++++ DATA RECORDS ++++
Lemma sigma_time_gt_iff {d} {T : measurableType d} {R : realType}
    (V : nat -> R -> T -> R) t theta m x :
  (forall s, (t <= s <= theta)%N -> m <= V s m x) ->
  ((theta%:R : R)%:E < sigma_time V t m x)%E <->
  (forall s, (t <= s <= theta)%N -> m < V s m x).
Proof.
move=> mV; split => [lt_sigma s /andP[ts sth]|mV'].
  rewrite lt_neqAle mV ?ts // andbT; apply/eqP => Vm.
  have : (sigma_time V t m x <= (s%:R : R)%:E)%E.
    by apply: ereal_inf_lbound; exists s.
  by move=> /(lt_le_trans lt_sigma); rewrite lte_fin ltr_nat ltnNge sth.
apply: (@lt_le_trans _ _ (theta.+1%:R : R)%:E).
  by rewrite lte_fin ltr_nat.
apply: le_ereal_inf_tmp => _ [n [tn Vn] <-].
rewrite lee_fin ler_nat ltnNge; apply/negP => nth.
by have := mV' n; rewrite tn nth Vn ltxx => /(_ isT).
Qed.

Lemma Mmin_gt_iff {d} {T : measurableType d} {R : realType}
    (M : nat -> T -> \bar R) t theta x (m : R) :
  (m%:E < Mmin M t theta x)%E <->
  (forall s, (t <= s <= theta)%N -> (m%:E < M s x)%E).
Proof.
rewrite /Mmin; split => [lt_min s /andP[ts sth]|lt_M].
  apply: (lt_le_trans lt_min).
  by apply: ge_bigmin_seq => //; rewrite mem_index_iota ts ltnS.
rewrite big_nat_cond; apply: lt_bigmin => [|s /andP[/andP[ts sth] _]].
  exact: ltey.
by apply: lt_M; rewrite ts -ltnS.
Qed.

Theorem lemma3p3 (d : measure_display) (T : measurableType d) (R : realType)
  (P : probability T R) (F : nat -> set (set T)) (beta : R)
  (h : nat -> T -> R) (V : nat -> R -> T -> R) (M : nat -> T -> \bar R) :
  (forall A, P.-negligible A -> measurable A) ->
  filtration F ->
  0 < beta < 1 ->
  (forall n x, 0 < h n x) ->
  (forall n, meas_wrt (F n) (h n.+1)) ->
  (\int[P]_x (\sum_(0 <= u <oo) (beta ^+ u * h u.+1 x)%:E) < +oo)%E ->
  is_value_fun P F beta h V ->
  (forall t, {ae P, forall x,
     {within [set m : R | 0 <= m], continuous (fun m => V t m x)}}) ->
  is_gittins_index P F V M ->
  forall (m : R) (t theta : nat), 0 <= m -> (t <= theta)%N ->
  {ae P, forall x,
     (((theta%:R : R)%:E < sigma_time V t m x)%E <->
        (forall s, (t <= s <= theta)%N -> m < V s m x)) /\
     ((forall s, (t <= s <= theta)%N -> m < V s m x) <->
        (m%:E < Mmin M t theta x)%E)}.
Proof.
move=> _ hF hbeta hh hh_adapted hh_int hV hV_cont hM m t theta m0 _.
have := ae_foralln (fun s => value_ge_and_gt_iff_gittins_gt
  hF hbeta hh hh_adapted hh_int hV hV_cont hM s m m0).
apply: filterS => x Vx; split.
  by apply: sigma_time_gt_iff => s _; exact: (Vx s).1.
rewrite Mmin_gt_iff; split => lt_V s ts; apply/(Vx s).2; exact: lt_V.
Qed.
++++
YOUR GOAL: Return the full listing unchanged.

ANSWER TO THE EXERCISE:
Lemma sigma_time_gt_iff {d} {T : measurableType d} {R : realType}
    (V : nat -> R -> T -> R) t theta m x :
  (forall s, (t <= s <= theta)%N -> m <= V s m x) ->
  ((theta%:R : R)%:E < sigma_time V t m x)%E <->
  (forall s, (t <= s <= theta)%N -> m < V s m x).
Proof.
move=> mV; split => [lt_sigma s /andP[ts sth]|mV'].
  rewrite lt_neqAle mV ?ts // andbT; apply/eqP => Vm.
  have : (sigma_time V t m x <= (s%:R : R)%:E)%E.
    by apply: ereal_inf_lbound; exists s.
  by move=> /(lt_le_trans lt_sigma); rewrite lte_fin ltr_nat ltnNge sth.
apply: (@lt_le_trans _ _ (theta.+1%:R : R)%:E).
  by rewrite lte_fin ltr_nat.
apply: le_ereal_inf_tmp => _ [n [tn Vn] <-].
rewrite lee_fin ler_nat ltnNge; apply/negP => nth.
by have := mV' n; rewrite tn nth Vn ltxx => /(_ isT).
Qed.

Lemma Mmin_gt_iff {d} {T : measurableType d} {R : realType}
    (M : nat -> T -> \bar R) t theta x (m : R) :
  (m%:E < Mmin M t theta x)%E <->
  (forall s, (t <= s <= theta)%N -> (m%:E < M s x)%E).
Proof.
rewrite /Mmin; split => [lt_min s /andP[ts sth]|lt_M].
  apply: (lt_le_trans lt_min).
  by apply: ge_bigmin_seq => //; rewrite mem_index_iota ts ltnS.
rewrite big_nat_cond; apply: lt_bigmin => [|s /andP[/andP[ts sth] _]].
  exact: ltey.
by apply: lt_M; rewrite ts -ltnS.
Qed.

Theorem lemma3p3 (d : measure_display) (T : measurableType d) (R : realType)
  (P : probability T R) (F : nat -> set (set T)) (beta : R)
  (h : nat -> T -> R) (V : nat -> R -> T -> R) (M : nat -> T -> \bar R) :
  (forall A, P.-negligible A -> measurable A) ->
  filtration F ->
  0 < beta < 1 ->
  (forall n x, 0 < h n x) ->
  (forall n, meas_wrt (F n) (h n.+1)) ->
  (\int[P]_x (\sum_(0 <= u <oo) (beta ^+ u * h u.+1 x)%:E) < +oo)%E ->
  is_value_fun P F beta h V ->
  (forall t, {ae P, forall x,
     {within [set m : R | 0 <= m], continuous (fun m => V t m x)}}) ->
  is_gittins_index P F V M ->
  forall (m : R) (t theta : nat), 0 <= m -> (t <= theta)%N ->
  {ae P, forall x,
     (((theta%:R : R)%:E < sigma_time V t m x)%E <->
        (forall s, (t <= s <= theta)%N -> m < V s m x)) /\
     ((forall s, (t <= s <= theta)%N -> m < V s m x) <->
        (m%:E < Mmin M t theta x)%E)}.
Proof.
move=> _ hF hbeta hh hh_adapted hh_int hV hV_cont hM m t theta m0 _.
have := ae_foralln (fun s => value_ge_and_gt_iff_gittins_gt
  hF hbeta hh hh_adapted hh_int hV hV_cont hM s m m0).
apply: filterS => x Vx; split.
  by apply: sigma_time_gt_iff => s _; exact: (Vx s).1.
rewrite Mmin_gt_iff; split => lt_V s ts; apply/(Vx s).2; exact: lt_V.
Qed.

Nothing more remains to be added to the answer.